Making the tedious exciting – Automapper

If you take it as a given truth, that you do not want your presentation layers to be exposed to Domain Objects directly, then you need some way of “mapping” them to a Presentation Model/DTO structure. Developers hate writing this code. It is boring, fragile and laborious to test.

There is a better way! There is a mature project called AutoMapper, developed by Jimmy Bogard.
I watched a short episode of DotNetRocks TV which had me sold.

AutoMapper generally works via convention. In the simplest case, the names of your properties/methods need to match on the source and destination object. So, if you have a “Name” property on your Domain Object and on your Presentation Model, this will be mapped automatically. All you need to do is configure the types that can be mapped together during application initialisation.

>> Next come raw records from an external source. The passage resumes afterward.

(* Let $0<p\leqslant q:=1-p$, let $\tilde A_k$ be as in the context and let $0<\varepsilon<\pi/2$. Then there exist $\varepsilon'\in(0,1)$ and absolute constants (independent of $k$ and $z$) such that, for $|z|\geqslant1$: (i) for $|\arg(z)|\leqslant\varepsilon$, $\tilde A_k(z)=O\left(|z|^{\varepsilon'}\right)$ uniformly in $z$ and $k\geqslant0$; (ii) for $\varepsilon\leqslant|\arg(z)|\leqslant\pi$, $e^z\tilde A_k(z)=O\left(e^{(1-\varepsilon')|z|}\right)$ uniformly in $z$ and $k\geqslant0$.
   Context: The random variables $X_n$ are defined by $X_0=0$ and $X_n \stackrel{d}{=} X_{I_n}+1$ for $n\geqslant 1$, where $(X_n)$ and $(I_n)$ are independent and $\mathbb{P}(I_n=k)=\binom{n}{k}\frac{p^kq^{n-k}-p^k(q-p)^{n-k}}{1-q^n}$ for $k=0,\dots,n-1$. For $k\geqslant0$, $\tilde A_k(z):=e^{-z}\sum_{n\geqslant0}\mathbb{P}(X_n=k)z^n/n!$ (entire functions). They satisfy $\tilde A_0(z)=e^{-z}$ and $\tilde{A}_{k+1}(z)=\left(1-e^{-pz}\right)\tilde{A}_k(pz)+e^{-pz}\tilde{A}_{k+1}(qz)$ for $k\geqslant0$. *)

From Stdlib Require Import Reals Lra.
From Coquelicot Require Import Coquelicot.
Open Scope R_scope.

Definition probI (p : R) (n j : nat) : R :=
  let q := 1 - p in
  Binomial.C n j * (p ^ j * q ^ (n - j) - p ^ j * (q - p) ^ (n - j)) / (1 - q ^ n).
Lemma lexlt_catr s t v v' : size s = size t -> lexlt s t -> lexlt (s ++ v) (t ++ v').
Proof.
elim: s t => [|x s IH] [|y t] //= [st]; case/orP=> [->//|/andP[-> lt_st]].
by rewrite (IH _ st lt_st) orbT.
Qed.

Lemma lexlt_cat_mid u s t v : size s = size t -> lexlt s t ->
  lexlt (u ++ s ++ v) (u ++ t ++ v).
Proof. by move=> st lt_st; rewrite lexlt_cat2l; apply: lexlt_catr. Qed.

End LexOrder.

Section WordSpan.
Variables (K : fieldType) (d : Order.disp_t) (X : finOrderType d) (m : nat).
Local Notation V := {ffun m.-tuple X -> K^o}.
Local Notation e := (@ew K d X m).
Implicit Types (x : V) (u w : m.-tuple X).

Lemma eseq_tuple (t : m.-tuple X) : eseq K m t = e t.
Proof. by apply/ffunP => u; rewrite !ffunE. Qed.

Lemma regular_scaleE (a b : K^o) : a *: b = a * b.
Proof. by []. Qed.

Lemma ewE w u : e w u = (u == w)%:R.
Proof. by rewrite ffunE. Qed.

Lemma ew_supp w u : e w u != 0 -> u = w.
Proof. by rewrite ewE; have [//|_] := eqVneq u w; rewrite mulr0n eqxx. Qed.

Lemma sum_ew n (G : m.-tuple X -> {ffun n.-tuple X -> K^o}) w :
  \sum_u e w u *: G u = G w.
Proof.
rewrite (bigD1 w) //= big1 ?addr0 => [|u uw]; first by rewrite ewE eqxx scale1r.
by rewrite ewE (negbTE uw) scale0r.
Qed.

Lemma ffun_sum_ew x : x = \sum_w x w *: e w.
Proof.
apply/ffunP => u; rewrite sum_ffunE (bigD1 u) //= big1 => [|w wu].
  by rewrite !ffunE eqxx addr0 regular_scaleE mulr1.
by rewrite !ffunE eq_sym (negbTE wu) scaler0.
Qed.

Lemma memv_ew_supp (Z : {vspace V}) x : (forall u, x u != 0 -> e u \in Z) -> x \in Z.
Proof.
move=> supp_Z; rewrite (ffun_sum_ew x); apply: memv_suml => u _.
by have [->|/supp_Z/memvZ//] := eqVneq (x u) 0; rewrite scale0r mem0v.
Qed.

Definition wspan (P : pred (m.-tuple X)) : {vspace V} := <<[seq e w | w <- enum P]>>%VS.
(* Let $E^+$ be a valuation ring of finite rank with fraction field $E$, and let $M$ be a torsionfree $E^+$-module such that $M\otimes_{E^+}E$ is a finite-dimensional $E$-vector space. Then the $E^+/p$-module $M/p$ is a countable filtered colimit of free $E^+/p$-modules of rank at most $\dim_E(M\otimes_{E^+}E)$. In particular, $M/p$ has projective dimension at most $1$ as an $E^+/p$-module.
   Context: $p$ is a prime. The rank of a valuation ring is its number of nonzero prime ideals. *)

From HB Require Import structures.
From mathcomp Require Import all_boot all_order all_algebra fraction.
Set Implicit Arguments.
Unset Strict Implicit.
Unset Printing Implicit Defensive.
Import Order.TTheory GRing.Theory Num.Theory.
Local Open Scope ring_scope.

Definition in_ring (R : idomainType) (x : {fraction R}) : Prop :=
  exists a : R, x = @FracField.tofrac R a.

Definition valuation_ring (R : idomainType) : Prop :=
  forall x : {fraction R}, x != 0 -> in_ring x \/ in_ring x^-1.

Definition prime_ideal (R : idomainType) (I : R -> Prop) : Prop :=
  [/\ I 0,
      forall a b, I a -> I b -> I (a + b),
      forall r a, I a -> I (r * a),
      ~ I 1 &
      forall a b, I (a * b) -> I a \/ I b].

Definition nonzero_prime_ideal (R : idomainType) (I : R -> Prop) : Prop :=
  prime_ideal I /\ exists a, I a /\ a != 0.

(* finite rank: there are only finitely many nonzero prime ideals *)
Definition finite_rank (R : idomainType) : Prop :=
  exists (n : nat) (J : nat -> R -> Prop),
    forall I : R -> Prop, nonzero_prime_ideal I ->
      exists k, (k < n)%N /\ forall x, I x <-> J k x.

Definition torsionfree (R : idomainType) (M : lmodType R) : Prop :=
  forall (r : R) (m : M), r *: m = 0 -> r = 0 \/ m = 0.

(* dim_E (M (x)_R E) = d, E = Frac(R), M torsionfree:
   there are m_0,...,m_{d-1} in M whose images m_k (x) 1 form an E-basis of
   M (x)_R E = S^{-1} M (S = R \ {0}), written out after clearing
   denominators: they are R-linearly independent, and every element of M
   becomes an R-linear combination of them after multiplication by a
   nonzero scalar. *)
Definition tensor_frac_dim (R : idomainType) (M : lmodType R) (d : nat) : Prop :=
  exists m : 'I_d -> M,
    (forall r : 'I_d -> R, \sum_(k < d) r k *: m k = 0 -> forall k, r k = 0) /\
    (forall x : M, exists (s : R) (r : 'I_d -> R),
        s != 0 /\ s *: x = \sum_(k < d) r k *: m k).
Lemma approxD f g a b : approx f a -> approx g b ->
  approx (fun e => f e + g e) (a + b).
Proof.
move=> /approxP [K1 [d1 [_ [d10 [_ H1]]]]] /approxP [K2 [d2 [_ [d20 [_ H2]]]]].
apply: (approx_intro (K := K1 + K2) (d := Num.min d1 d2)).
  by rewrite lt_min d10 d20.
move=> e /andP[e0]; rewrite lt_min => /andP[e1 e2].
have := H1 e; rewrite e0 e1 => /(_ isT) h1; have := H2 e; rewrite e0 e2 => /(_ isT) h2.
have := le_normcD (f e - a) (g e - b).
have -> : f e - a + (g e - b) = f e + g e - (a + b) by ring.
lra.
Qed.

Lemma approxN f a : approx f a -> approx (fun e => - f e) (- a).
Proof.
by case=> K [d [d0 H]]; exists K, d; split=> // e he; rewrite -opprD normc_opp H.
Qed.

Lemma approxB f g a b : approx f a -> approx g b ->
  approx (fun e => f e - g e) (a - b).
Proof. by move=> hf /approxN; apply: approxD. Qed.

Lemma approxM f g a b : approx f a -> approx g b ->
  approx (fun e => f e * g e) (a * b).
Proof.
move=> /approxP [K1 [d1 [K10 [d10 [d11 H1]]]]] /approxP [K2 [d2 [K20 [d20 [_ H2]]]]].
apply: (approx_intro (K := K1 * K2 + nrm a * K2 + nrm b * K1) (d := Num.min d1 d2)).
  by rewrite lt_min d10 d20.
move=> e /andP[e0]; rewrite lt_min => /andP[e1 e2].
have := H1 e; rewrite e0 e1 => /(_ isT) h1; have := H2 e; rewrite e0 e2 => /(_ isT) h2.
have -> : f e * g e - a * b = (f e - a) * (g e - b) + a * (g e - b) + (f e - a) * b.
  by ring.
set u := f e - a in h1 *; set v := g e - b in h2 *; set x := nrm e in e1 h1 h2 *.
have t1 := le_normcD (u * v + a * v) (u * b).
have t2 := le_normcD (u * v) (a * v).
rewrite !Normc.normcM in t1 t2.
have u0 := normc_ge0 u; have v0 := normc_ge0 v.
have a0 := normc_ge0 a; have b0 := normc_ge0 b.
have uv : nrm u * nrm v <= (K1 * x) * (K2 * x) by apply: ler_pM.
have xx : x * x <= x by rewrite ler_piMr // ltW // (lt_le_trans e1 d11).
have p1 : nrm a * nrm v <= nrm a * (K2 * x) by apply: ler_wpM2l.
have p2 : nrm u * nrm b <= (K1 * x) * nrm b by apply: ler_wpM2r.
have p3 : K1 * K2 * (x * x) <= K1 * K2 * x.
  by apply: ler_wpM2l => //; apply: mulr_ge0; apply: ltW.
nra.
Qed.

Lemma approx_big (op : R[i] -> R[i] -> R[i]) (x : R[i]) (I : Type) (s : seq I)
    (P : pred I) (F : I -> R[i] -> R[i]) (a : I -> R[i]) :
  (forall f g u v, approx f u -> approx g v -> approx (fun e => op (f e) (g e)) (op u v)) ->
  (forall i, approx (F i) (a i)) ->
  approx (fun e => \big[op/x]_(i <- s | P i) F i e) (\big[op/x]_(i <- s | P i) a i).
Proof.
move=> opA H; elim: s => [|y s IH].
  by rewrite big_nil; apply: eq_bigOc (approx_cst x) => e _; rewrite big_nil.
rewrite big_cons; case Py: (P y).
  by apply: eq_bigOc (opA _ _ _ _ (H y) IH) => e _; rewrite big_cons Py.
by apply: eq_bigOc IH => e _; rewrite big_cons Py.
Qed.

Lemma approx_cstK a b : approx (fun=> b) a -> a = b.
Proof.
move=> /approxP [K [d [K0 [d0 [_ H]]]]]; apply/eqP; rewrite eq_sym -subr_eq0.
apply/negPn/negP => ba; have ba0 : 0 < nrm (b - a) by rewrite lt_def normc_eq0 ba normc_ge0.
set t := Num.min (d / 2) (nrm (b - a) / (2 * K)).
have t0 : 0 < t by rewrite lt_min !divr_gt0 ?mulr_gt0.
have td : t < d by rewrite gt_min ltr_pdivrMr // ltr_pMr // ltr1n.
have tb : K * t <= nrm (b - a) / 2.
  have : t <= nrm (b - a) / (2 * K) by rewrite ge_min lexx orbT.
  rewrite ler_pdivlMr ?mulr_gt0 //; nra.
have := H t%:C; rewrite normc_real gtr0_norm // t0 td => /(_ isT); lra.
Qed.

Lemma approx_unique f a b : approx f a -> approx f b -> a = b.
Proof.
move=> ha hb; apply/eqP; rewrite -subr_eq0; apply/eqP/approx_cstK.
by apply: eq_bigOc (approxB ha hb) => e _; rewrite subrr.
Qed.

Where this convention over configuration is not sufficient, AutoMapper also supports Custom Formatting, Conversion and Resolving, so you can flexibily flatten or project your domain types onto other objects. It seems to be very flexible and it was easy to create the Presentation Model I wanted. The project seems mature enough to cover just about any use case you could have.

A really nice feature is the Configuration Validation checking, which will point out errors or omissions resulting in the mapping from one object to the other, which you can call from a unit test:

[Test]
public void TestMappingsAreGood()
{
     Program.AutoMapperConfiguration();
     Mapper.AssertConfigurationIsValid();
}

I have created a small Visual Studio Solution which contains the early results of my AutoMapper experimentation that I hope will illustrate the frameworks power and ease of use.AutoMapper Example Project.